Kulturell gesehen war die DDR ein Schlaraffenland. Fast jede Gemeinde hatte ihr Klassikensemble - doch jetzt sind die ostdeutschen Orchester bedroht.

Kulturell gesehen war die DDR ein Schlaraffenland. Fast jede Gemeinde hatte ihr Theater, ihr Klassikensemble, alimentiert von einem System, gegen das subversiv angespielt wurde. Viele dieser kleinen und kleinsten Institutionen haben die Nachwendejahre nicht überlebt, allein im Bereich der Orchester fielen seit 1989 mehr als ein Drittel der Planstellen weg. Die Mitteldeutsche Kammerphilharmonie Schönebeck, die Erzgebirgische Philharmonie Aue oder das Brandenburgische Kammerorchester Eberswalde können ihr regionales Publikum zwar weiterhin mit Bach, Mozart und Co. versorgen – doch wie lange noch?
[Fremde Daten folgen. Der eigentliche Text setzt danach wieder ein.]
Lemma trigger_set e s i v b : (1 < i)%N -> b != i ->
  trigger e (set_pos s i v) b <-> trigger e s b.
Proof.
by move=> lt1i neq_bi; rewrite /trigger /transient_p_at at_pos_set // (negbTE neq_bi).
Qed.

Record processed (e : seq int) (m : nat) (s : seq int) (last : option int) : Prop := {
  size_processed : size s = size e;
  unprocessed_eq : forall k, (m < k)%N -> at_pos s k = at_pos e k;
  (* also covers the junk position 0: [at_pos s 0] is [at_pos s 1] *)
  head_eq : at_pos s 1 = at_pos e 1;
  changedP : forall b, (b.+2 <= m)%N ->
    at_pos s b.+2 <> at_pos e b.+2 <-> trigger e s b;
  changed_lt_next : forall k, (k <= m)%N ->
    at_pos s k <> at_pos e k -> at_pos s k < at_pos e k.+1;
  last_changed : forall k, (k <= m)%N -> at_pos s k <> at_pos e k ->
    (forall k', (k < k' <= m)%N -> at_pos s k' = at_pos e k') ->
    last = Some (at_pos e k) }.

Lemma processed0 e : processed e 0 e None.
Proof. by split. Qed.

Section Processed.

Variables (e : seq int) (m : nat) (s : seq int) (last : option int).
Hypothesis proc : processed e m s last.

Lemma changed_orig_lt_next k : (k <= m)%N ->
  at_pos s k <> at_pos e k -> at_pos e k < at_pos e k.+1.
Proof.
case: k => [|[|b]] le_km changed; try by case: changed; apply: (head_eq proc).
by case/(changedP proc le_km): changed => [[]|[[]|[]]] *; lia.
Qed.

Lemma changed_orig_le_prev b : (b.+2 <= m)%N ->
  at_pos s b.+2 <> at_pos e b.+2 -> at_pos e b.+2 <= at_pos e b.+1.
Proof. by move=> le_bm /(changedP proc le_bm) [[]|[[]|[]]] *; lia. Qed.

Lemma changed_isolated k : (k.+1 <= m)%N ->
  at_pos s k.+1 <> at_pos e k.+1 -> at_pos s k = at_pos e k.
Proof.
case: k => [|b] le_km changed; first by case: changed; apply: (head_eq proc).
case: (eqVneq (at_pos s b.+1) (at_pos e b.+1)) => // /eqP changed_b.
have := changed_orig_le_prev le_km changed.
have := changed_orig_lt_next (ltnW le_km) changed_b; lia.
Qed.

End Processed.
Lemma decode_covers (i : 'I_N.+1) (tau : Ta phi t) :
  a (cvar i tau) -> exists2 j, 0 < j <= i & covers (decode_row (inord j)) (val tau).
Proof.
rewrite -{1}(inord_val i).
apply: (@chain_witness (fun n => a (cvar (inord n) tau))).
  have -> : inord 0 = ord0 :> 'I_N.+1 by apply: val_inj; rewrite /= inordK.
  exact: sat_CCXc.
move=> n /andP[n_gt0 n_le_i] c_n /=.
have n_val : (inord n : 'I_N.+1) = n :> nat by rewrite inordK // (leq_ltn_trans n_le_i).
apply/orP; have [c_prev|not_c_prev] := boolP (a (cvar (inord n.-1) tau)); [by left|right].
apply/forallP => x; apply/implyP => tau_x; rewrite decode_row_assigns ?n_val //.
by have := sat_CCXa _ tau_x c_n; rewrite /Defs.prev n_val (negbTE not_c_prev); apply.
Qed.

Lemma hasCA_decode (i : 'I_N.+1) : (forall tau, a (cvar i tau)) -> hasCA phi t i.
Proof.
move=> c_i; apply/hasCAP; exists [ffun j : 'I_i => decode_row (inord j.+1)].
  move=> j; rewrite ffunE; apply: decode_row_test.
  by rewrite inordK // (leq_ltn_trans (ltn_ord j) (ltn_ord i)).
move=> tau allowed_tau.
have [j /andP[j_gt0 j_le_i] cov] := decode_covers (c_i (Sub tau allowed_tau)).
have j_lt_i : j.-1 < i by rewrite prednK.
by exists (Ordinal j_lt_i); rewrite ffunE /= prednK.
Qed.

Lemma sat_CAN_le_N : K <= N.
Proof. exact: CAN_min (hasCA_decode sat_CCXb). Qed.

Lemma sat_u (i : 'I_N.+1) : lb.+2 <= i -> i <= K -> a (uvar i).
Proof.
move=> i_ge i_le_K; apply/contraT => not_u.
have c_prev tau : a (cvar (Defs.prev i) tau) by apply: contraNT not_u; exact: sat_CCU.
by have := leq_trans i_le_K (CAN_min (hasCA_decode c_prev)); rewrite prevE; lia.
Qed.

Lemma sat_cost_ge : K - lb.+1 <= cost I a.
Proof.
rewrite cost_ccx -(count_urange_le sat_CAN_le_N) !count_filter.
by apply: sub_count => i /= /andP[/andP[i_le_K i_ge] ->]; rewrite i_ge sat_u.
Qed.

End Decode.

Section Encode.
Variables (k : nat) (C : {ffun 'I_k -> assignment D}).
Hypothesis C_test : forall j, is_test phi (C j).
Hypothesis C_cov : forall tau, allowed phi t tau -> exists j, covers (C j) tau.
Hypotheses (k_gt0 : 0 < k) (k_le_N : k <= N).

(* Row i is C_(i-1); the unused row 0 and the padding rows beyond k default to C_0. *)
Definition encode_row (i : nat) : assignment D := C (insubd (Ordinal k_gt0) i.-1).

Definition covered_upto (i : nat) (tau : {set atom D}) : bool :=
  [exists j : 'I_N.+1, (0 < j <= i) && covers (encode_row j) tau].

Definition encode : {ffun V -> bool} := [ffun v : V =>
  match v with
  | inl (inl (i, x)) => assigns (encode_row i) x
  | inl (inr (i, tau)) => covered_upto i (val tau)
  | inr i => i <= k
  end].

Lemma covered_upto0 (tau : {set atom D}) : covered_upto 0 tau = false.
Proof. by apply/existsP => -[j /andP[/andP[j_gt0 j_le0] _]]; rewrite leqNgt j_gt0 in j_le0. Qed.

Lemma covered_upto_le (i i' : nat) (tau : {set atom D}) :
  i <= i' -> covered_upto i tau -> covered_upto i' tau.
Proof.
move=> i_le /existsP[j /andP[/andP[j_gt0 j_le] cov]].
by apply/existsP; exists j; rewrite j_gt0 cov (leq_trans j_le i_le).
Qed.

Lemma covered_upto_k (tau : {set atom D}) : allowed phi t tau -> covered_upto k tau.
Proof.
move=> /C_cov[j cov]; have j_lt : j.+1 < N.+1 by rewrite ltnS (leq_trans (ltn_ord j)).
by apply/existsP; exists (Ordinal j_lt); rewrite /= ltn_ord /encode_row /= valKd.
Qed.

Lemma covered_upto_pred (i : nat) (tau : {set atom D}) :
  covered_upto i tau -> covered_upto i.-1 tau || covers (encode_row i) tau.
Proof.
move=> /existsP[j /andP[/andP[j_gt0 j_le] cov]].
have [j_lt|j_ge] := ltnP j i.
  apply/orP; left; apply/existsP; exists j.
  by rewrite j_gt0 cov -ltnS prednK // (leq_trans _ j_lt).
have -> : i = j by apply/eqP; rewrite eqn_leq j_ge j_le.
by rewrite cov orbT.
Qed.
Die Musikergewerkschaft "Deutsche Orchestervereinigung“ hat beim "Institut für Wirtschaftsforschung“ (IWH) in Halle/Saale jetzt ein Gutachten zur Zukunft der städtischen Orchester Ostdeutschlands in Auftrag gegeben: Der Durchschnittsbesucher, so fand man heraus, ist 61 Jahre alt und legt für den Kulturgenuss maximal 20 Kilometer zurück. Da die Menschen immer länger leben, müssen sich Orchester in Ballungszentren weniger Gedanken machen als jene, die den ländlichen Raum bedienen. Denn zum einen dünnt dort die Infrastruktur stark aus, so dass Personen ohne Auto immer immobiler werden. Zum anderen wird wegen fehlender Arbeitsplätze mittelfristig das Problem der Altersarmut an Bedeutung gewinnen. Wer kaum Rente bekommt, geht eben nicht ins Konzert. Auf die Wirtschaft als Helfer in der Not dürfen die Intendanten übrigens nicht hoffen. Gerade einmal sieben Prozent der Orchesteretats kommen derzeit von Sponsoren, 55 Prozent der vom IWH befragten 6000 Unternehmen sind grundsätzlich nicht bereit, die Kultur finanziell zu unterstützen.

Doch es gibt auch positive Signale aus der Provinz. Die Vogtland-Philharmonie aus Greiz/Reichenbach erreichte 2009 dank unermüdlicher Reiserei über die Dörfer die Rekordzahl von 100.000 Zuschauern.